JL, you should read up on advanced game theory. Israel is making the best bargaining strategy they can given the circumstances. Normally, when a positive is given at the negotiating table, a positive should be given back. This hasn’t happened in negotiations with the Palestinians. They return negatives for positives. If you view what is going on as a Nash equilibrium, the Israel is making the best of a situation where no one can get what they really want. If the Palestinians would stop attacking civilians and stop calling for the destruction of Israel, I think you would see an entirely different equilibrium come into existence. As it is, any concession by Israel has been met with additional hostility. This makes it impossible for meaningful negotiations to take place. As it stands now, the historical response of the Palestinians will require a very sustained effort at making concessions on their part before it would be reasonable for Israel to move forward as well.

Art Deco
Art Deco
Friday, February 15, AD 2013 8:40am

My main contention is that the Israeli government shows very little concern for pursuing long-term solutions. Their policy of eliminating Hamas militants in a bi-annual fashion has been described by some as “cutting the grass.” It’s a routine procedure that maintains the status quo without addressing the underlying causes. It also treats human beings like weeds.

The Arab political class, such as it is, is derived from the broader population and to a degree constrained by that population’s goals. I used to have access to a database called Polling the Nations. A mass of public opinion surveys was taken of the West Bank and Gaza over the period running from 2003 through 2008. They make for depressing reading. The conceivable ‘long-term solution’ – segregate the two populations as much as possible and call it a day – is the stated preference of about 30% of the Arab population. The attitude of the remainder is that the Jews just should bend their neck for the axe, with some variation on operational details. This is why, in the few circumstances competitive elections have been held, the entire political spectrum has been occupied by two sorts of agitators: malicious fascists who are quite clear about their ultimate objects and a criminal element with a long history of feints and double dealing. The Government of Israel is not interested in your fantasies about long-term solutions. They have been burned more than once. What Conor Cruise O’Brien said a generation ago remains true today: there is no solution; there is merely security.

Art Deco
Art Deco
Friday, February 15, AD 2013 8:47am

Economic prosperity has a way of making people temper their zealousness and desire for revenge. It is a chicken or the egg dilemma, but I think stabilizing the Gazan economy could go a long way to de-legitimizing Hamas.

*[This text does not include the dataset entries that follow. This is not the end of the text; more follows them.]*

Theorem mainTheorem2 (R : realType) (n0 : nat) (a : int -> R[i])
  (hn0 : (1 <= n0)%N)
  (hherm : forall j : int, (`|j| <= n0)%N -> a j = (a (- j))^*)
  (hK : exists alpha : seq R[i],
      [/\ size alpha = n0,
          all (fun z => `|z| < 1) alpha &
          Kpoly n0 a = \prod_(z <- alpha) ('X - z%:P)
                       * \prod_(z <- alpha) ('X - ((z^*)^-1)%:P)]) :
  (forall N : nat, (1 <= N)%N -> toeplitz_band n0 N a \in unitmx) /\
  (forall (x : R), 0 < x < 1 ->
   forall (b rho : R), 0 < b < 1 ->
     (forall z : R[i], root (Kpoly n0 a) z -> `|z| < 1 -> `|z| < rho%:C) ->
     rho < 1 ->
   forall eps : R, 0 < eps ->
   exists N1 : nat, forall N : nat, (N1 <= N)%N ->
     forall k l : 'I_N.+1,
       (`|(k%:Z - l%:Z)%R|%N)%:R = N%:R * x ->
       `|invmx (toeplitz_band n0 N a) k l|
         <= (eps * powR rho (b * (`|(k%:Z - l%:Z)%R|%N)%:R))%:C).
Proof.
case: hK => alpha [size_alpha /allP alpha_lt1 Kpoly_alpha].
split=> [N _ | x /andP[x_gt0 _] b rho /andP[_ b_lt1] roots_rho rho_lt1 eps eps_gt0].
  exact: toeplitz_band_unit size_alpha hherm Kpoly_alpha N.
have alpha_rho z : z \in alpha -> normc z < rho.
  move=> z_alpha; rewrite -ltcR -normr_normc roots_rho ?alpha_lt1 //.
  by rewrite Kpoly_alpha rootM root_prod_XsubC z_alpha.
have rho_gt0 : 0 < rho.
  have z_alpha : nth 0 alpha 0 \in alpha by rewrite mem_nth // size_alpha.
  exact: le_lt_trans (normc_ge0 _) (alpha_rho _ z_alpha).
have [C decay] :=
  invmx_toeplitz_band_decay size_alpha hherm Kpoly_alpha rho_gt0 rho_lt1 alpha_rho.
have rho_lt_tau : 0 < rho < rho `^ b by rewrite rho_gt0 ltr1_powR ?rho_gt0.
have [N1 dominated] := exprn_dominated C rho_lt_tau eps_gt0 x_gt0.
exists N1 => N le_N1N k l dist_kl.
rewrite powRrM powR_mulrn ?powR_ge0 // normr_normc lecR.
exact: le_trans (decay N k l) (dominated N _ le_N1N dist_kl).
Qed.
Lemma coef_bound i : (0 < i < N)%N -> `|coef t M f i| <= 2 ^+ d.-1 * rho.
Proof.
move=> i_range; have [r0 digit_r0] := exists_digit_gt0 i_range.
case/andP: i_range => i_gt0 i_lt.
have -> : coef t M f i = t%:R * increment i.
  by rewrite /increment gtn_eqF //; field; rewrite gt_eqF.
rewrite normrM ger0_norm ?ler0n //.
apply: le_trans (ler_wpM2l (ler0n _ _) (increment_bound i_lt digit_r0)) _.
by rewrite mulrCA [t%:R * _]mulrCA mulfV ?mulr1 // gt_eqF.
Qed.

End Bound.

Theorem lemmaA6 (R : realFieldType) (d t : nat) (M rho : R)
  (f : point R d -> R) :
  (1 <= d)%N -> (1 <= t)%N -> 1 <= M -> 0 < rho ->
  lipschitz1 rho f ->
  forall i : nat, (1 <= i)%N -> (i <= t.+1 ^ d - 1)%N ->
    `|coef t M f i| <= 2 ^+ d.-1 * d%:R * rho.
Proof.
move=> d_ge1 t_ge1 M_ge1 rho_gt0 f_lip i i_ge1 i_le.
have i_range : (0 < i < t.+1 ^ d)%N by have := expn_gt0 t.+1 d; lia.
apply: le_trans (coef_bound t_ge1 M_ge1 (ltW rho_gt0) f_lip i_range) _.
by rewrite -mulrA ler_wpM2l ?exprn_ge0 // ler_peMl ?ler1n ?ltW.
Qed.
(* Let $s,k$ be positive integers with $s\leq\tfrac15 k$ and let $\vec s=(s,\dots,s)\in\mathbb{Z}_+^k$. Then \[ \mathrm{LCS}_2(4,\mathcal P_{\vec s})\leq(2s^2k)^{1/3}+\tfrac53 s+s^{4/3}k^{-1/3}. \]
   Context: For $\vec s\in\mathbb{Z}_+^k$, an $\vec s$-multipermutation is a word over $\{1,\dots,k\}$ in which each letter $l$ appears exactly $s_l$ times; $\mathcal P_{\vec s}$ is the set of all of them. $\mathrm{LCS}(w,w')$ is the length of a longest common subsequence of words $w,w'$. $\mathrm{LCS}_2(t,\mathcal P_{\vec s})$ is the minimum, over all sets of $t$ distinct elements of $\mathcal P_{\vec s}$, of the maximum $\mathrm{LCS}$ of two distinct members of the set. *)

From mathcomp Require Import all_boot.
From Stdlib Require Import Reals.
Set Implicit Arguments. Unset Strict Implicit. Unset Printing Implicit Defensive.

Definition is_multiperm (s : seq nat) (w : seq nat) : Prop :=
  all (fun a => (1 <= a) && (a <= size s)) w /\
  forall l, 1 <= l <= size s -> count_mem l w = nth 0 s l.-1.

Fixpoint all_masks (n : nat) : seq bitseq :=
  if n is n'.+1 then
    [seq true :: m | m <- all_masks n'] ++ [seq false :: m | m <- all_masks n']
  else [:: [::]].

Definition LCS (w w' : seq nat) : nat :=
  \max_(c <- [seq mask m w | m <- all_masks (size w)] | subseq c w') size c.

From mathcomp Require Import all_boot all_order zify.
From Stdlib Require Import Reals Lra.
From Stdlib Require ZArith.
Set Implicit Arguments. Unset Strict Implicit. Unset Printing Implicit Defensive.

(* Cut the letters 1..k into lines of l consecutive letters and group the lines
   into blocks of b lines, at most a blocks in all.  Four words are built from
   these blocks: 1^s 2^s ... k^s, the same word with every block reversed, and
   two words that run through the blocks downwards and, inside a block, sweep
   every line s times, in opposite row orders and opposite column directions.
   A common subsequence of two of these words is monotone for both orders, and
   each pair of orders pins it down: to a single letter per block (length at
   most a s), to a single line per row class meeting each sweep at most once
   (b s), to a single line read monotonically across the sweeps (s - 1 + l), or
   to a single line per block read in two opposite sweep patterns (a (2s - 1)).
   With T = floor (cbrt (2 s^2 k)) + floor (5 s / 3), the choice a = T / (2s - 1),
   b = T / s, l = T - s + 1 keeps all four bounds at most T while a b l >= k. *)

(** * Longest common subsequences *)

Lemma mem_all_masks (m : bitseq) : m \in all_masks (size m).
Proof. by elim: m => [|[] m IH] /=; rewrite ?inE // mem_cat map_f ?orbT. Qed.

Lemma LCS_le_common w w' T :
  (forall c, subseq c w -> subseq c w' -> size c <= T) -> LCS w w' <= T.
Proof.
move=> common; apply/bigmax_leqP_seq => _ /mapP[m _ ->].
exact/common/mask_subseq.
Qed.

Lemma leq_LCS c w w' : subseq c w -> subseq c w' -> size c <= LCS w w'.
Proof.
case/subseqP => m size_m -> c_w'; rewrite /LCS.
apply: (@leq_bigmax_seq _ _ _ _ (mask m w)) => //.
by apply/mapP; exists m; rewrite // -size_m mem_all_masks.
Qed.

Lemma LCSC w w' : LCS w w' = LCS w' w.
Proof.
by apply/eqP; rewrite eqn_leq !LCS_le_common // => c c_w c_w'; apply: leq_LCS.
Qed.

Lemma uniq_LCS_pairwise T W :
  pairwise (fun w w' => LCS w w' <= T) W -> all (fun w => T < size w) W ->
  uniq W /\ {in W &, forall w w', w != w' -> LCS w w' <= T}.
Proof.
move=> W_LCS W_size; split.
  rewrite uniq_pairwise; apply: (sub_in_pairwise (P := mem W)) W_LCS => //.
  move=> w w' w_in _ /= LCS_le; apply: contraTneq LCS_le => <-; rewrite -ltnNge.
  have := @leq_LCS w w w (subseq_refl w) (subseq_refl w).
  by have := allP W_size w w_in; rewrite /=; lia.
elim: W W_LCS {W_size} => [|x W IH] //= /andP[/allP x_LCS /IH W_LCS].
move=> w w'; rewrite !inE => /orP[/eqP->|w_in] /orP[/eqP->|w'_in]; rewrite ?eqxx //.
- by move=> _; apply: x_LCS.
- by move=> _; rewrite LCSC; apply: x_LCS.
- exact: W_LCS.
Qed.

(** * Descents *)

Fixpoint descents_from (T : Type) (lt : rel T) (x : T) (s : seq T) : nat :=
  if s is y :: s' then ~~ lt x y + descents_from lt y s' else 0.

Definition descents (T : Type) (lt : rel T) (s : seq T) : nat :=
  if s is x :: s' then descents_from lt x s' else 0.

Lemma descents_map (T T' : Type) (f : T -> T') (lt : rel T') s :
  descents lt (map f s) = descents (relpre f lt) s.
Proof. by case: s => [|x s] //=; elim: s x => [|y s IH] x //=; rewrite IH. Qed.

Lemma descents_eq0 (T : Type) (lt : rel T) s : sorted lt s -> descents lt s = 0.
Proof.
by case: s => [|x s] //=; elim: s x => [|y s IH] x //= /andP[-> /IH].
Qed.

Lemma descents_from_cons (T : Type) (lt : rel T) x y s :
  transitive lt -> descents_from lt x s <= ~~ lt x y + descents_from lt y s.
Proof.
move=> lt_tr; case: s => [|z s] //=.
case lxy: (lt x y); case lyz: (lt y z); case lxz: (lt x z) => //=; try lia.
by rewrite (lt_tr _ _ _ lxy lyz) in lxz.
Qed.

Lemma descents_from_subseq (T : eqType) (lt : rel T) x c w :
  transitive lt -> subseq c w -> descents_from lt x c <= descents_from lt x w.
Proof.
move=> lt_tr; elim: w c x => [|y w IH] [|z c] x //= c_w.
case: eqP c_w => [<-|_] c_w; first by rewrite leq_add2l; apply: IH.
exact: leq_trans (IH _ _ c_w) (descents_from_cons _ _ _ lt_tr).
Qed.

Lemma descents_subseq (T : eqType) (lt : rel T) c w :
  transitive lt -> subseq c w -> descents lt c <= descents lt w.
Proof.
move=> lt_tr; elim: w c => [|y w IH] [|z c] //= c_w.
case: eqP c_w => [<-|_] c_w; first exact: descents_from_subseq.
apply: leq_trans (IH _ c_w) _; case: w {IH c_w} => [|x w] //=; exact: leq_addl.
Qed.

Lemma size_le_descents (T : Type) (lt1 lt2 : rel T) s :
  (forall u v, ~~ (lt1 u v && lt2 u v)) ->
  size s <= (descents lt1 s + descents lt2 s).+1.
Proof.
move=> lt12; case: s => [|x s] //=; elim: s x => [|y s IH] x //=.
by have := IH y; have := lt12 x y; case: (lt1 x y); case: (lt2 x y) => //= _; lia.
Qed.

Lemma leq_rank_last (T : Type) (rank : T -> nat) x s :
  path (relpre rank leq) x s -> rank x <= rank (last x s).
Proof.
by elim: s x => [|y s IH] x //= /andP[/leq_trans le_xy /IH /le_xy].
Qed.

(* In a sequence sorted by rank and then by [lt], every descent of [lt] is a strict
   rise of the rank. *)
Lemma descents_lex (T : eqType) (rank : T -> nat) (lt : rel T) S s :
  sorted (fun x y => (rank x < rank y) || (rank x == rank y) && lt x y) s ->
  all (fun x => rank x < S) s -> descents lt s <= S.-1.
Proof.
case: s => [|x s] // s_lex /allP s_lt /=.
have /leq_trans -> // : descents_from lt x s <= rank (last x s) - rank x.
  elim: s x s_lex {s_lt} => [|y s IH] x //= /andP[lex_xy s_lex].
  have lex_le u v : (rank u < rank v) || (rank u == rank v) && lt u v -> rank u <= rank v.
    by case/orP => [/ltnW|/andP[/eqP-> _]].
  have := IH y s_lex; have := leq_rank_last (sub_path lex_le s_lex).
  by move: lex_xy; case: (lt x y); rewrite /= ?andbF ?orbF; lia.
have := s_lt _ (mem_last x s); lia.
Qed.

Lemma size_le_descents_range (T : eqType) (g : T -> nat) N s :
  sorted (relpre g leq) s -> all (fun x => g x < N) s ->
  size s <= descents (relpre g ltn) s + N.
Proof.
case: s => [|x s] // s_le s_lt.
have N_gt0 : 0 < N by case/andP: s_lt; lia.
have rises : descents (fun x y => g y <= g x) (x :: s) <= N.-1.
  by apply: descents_lex s_lt; apply: sub_sorted s_le => y z /=; lia.
have disj u v : ~~ (relpre g ltn u v && (g v <= g u)) by rewrite /=; lia.
have := @size_le_descents _ (relpre g ltn) (fun x y => g y <= g x) (x :: s) disj; lia.
Qed.

(* On every line, [w] is a concatenation of at most [s] runs along which [g] increases. *)
Definition runs_on_lines (s : nat) (line g : nat -> nat) (w : seq nat) :=
  forall L, descents (relpre g ltn) [seq v <- w | line v == L] <= s.-1.

Section Lines.
Variables (s : nat) (line g : nat -> nat) (w : seq nat).
Hypothesis w_runs : runs_on_lines s line g w.

Lemma descents_on_line (c : seq nat) :
  subseq c w -> pairwise (fun u v => line u == line v) c ->
  descents (relpre g ltn) c <= s.-1.
Proof.
case: c => [|u c] // c_w; rewrite pairwise_cons => /andP[same_line _].
apply: leq_trans (w_runs (line u)).
apply: descents_subseq; first by move=> ? ? ?; apply: ltn_trans.
rewrite subseq_filter c_w andbT /= eqxx.
by apply/allP => v /(allP same_line); rewrite eq_sym.
Qed.

Hypothesis s_gt0 : 0 < s.

Lemma size_line_antitone (c : seq nat) :
  subseq c w -> pairwise (fun u v => (line u == line v) && (g v <= g u)) c ->
  size c <= s.
Proof.
move=> c_w c_pw.
have disj u v : ~~ (relpre g ltn u v && (g v <= g u)) by rewrite /=; lia.
have := @size_le_descents _ (relpre g ltn) (fun u v => g v <= g u) c disj.
have -> : descents (fun u v => g v <= g u) c = 0.
  by apply/descents_eq0/pairwise_sorted/(sub_pairwise _ c_pw) => u v /andP[].
have same_line : pairwise (fun u v => line u == line v) c.
  by apply: sub_pairwise c_pw => u v /andP[].
have := descents_on_line c_w same_line.
lia.
Qed.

To anyone remotely familiar with the history of the Fertile Crescent from about 1932 onward, this statement sounds unreal. The same deal applies with regard to Egypt: four decades of economic development at a moderate pace conjoined to the development of a vile political culture.

Art Deco
Art Deco
Friday, February 15, AD 2013 8:50am

Japan had had, as of 1937, seven decades of fairly vigorous economic development, Do you think the residents of Nanking conceived of them as deficient in zealousness and desire for revenge?

daisy
daisy
Tuesday, February 19, AD 2013 10:06pm

Maybe putting a Jewish state in the middle of Muslims wasn’t a good idea. There is never going to be peace because the US and the West keep interfering. If the Israelis and the Palestinians could just be cut loose to fight it out maybe there would be a decisive end.

Jon
Jon
Tuesday, February 19, AD 2013 10:21pm

Daisy, when I think of the Middle East, I think of a territory that has been characterized by warfare for millennia. I don’t think it was recently introduced by Zionist westerners and Jews.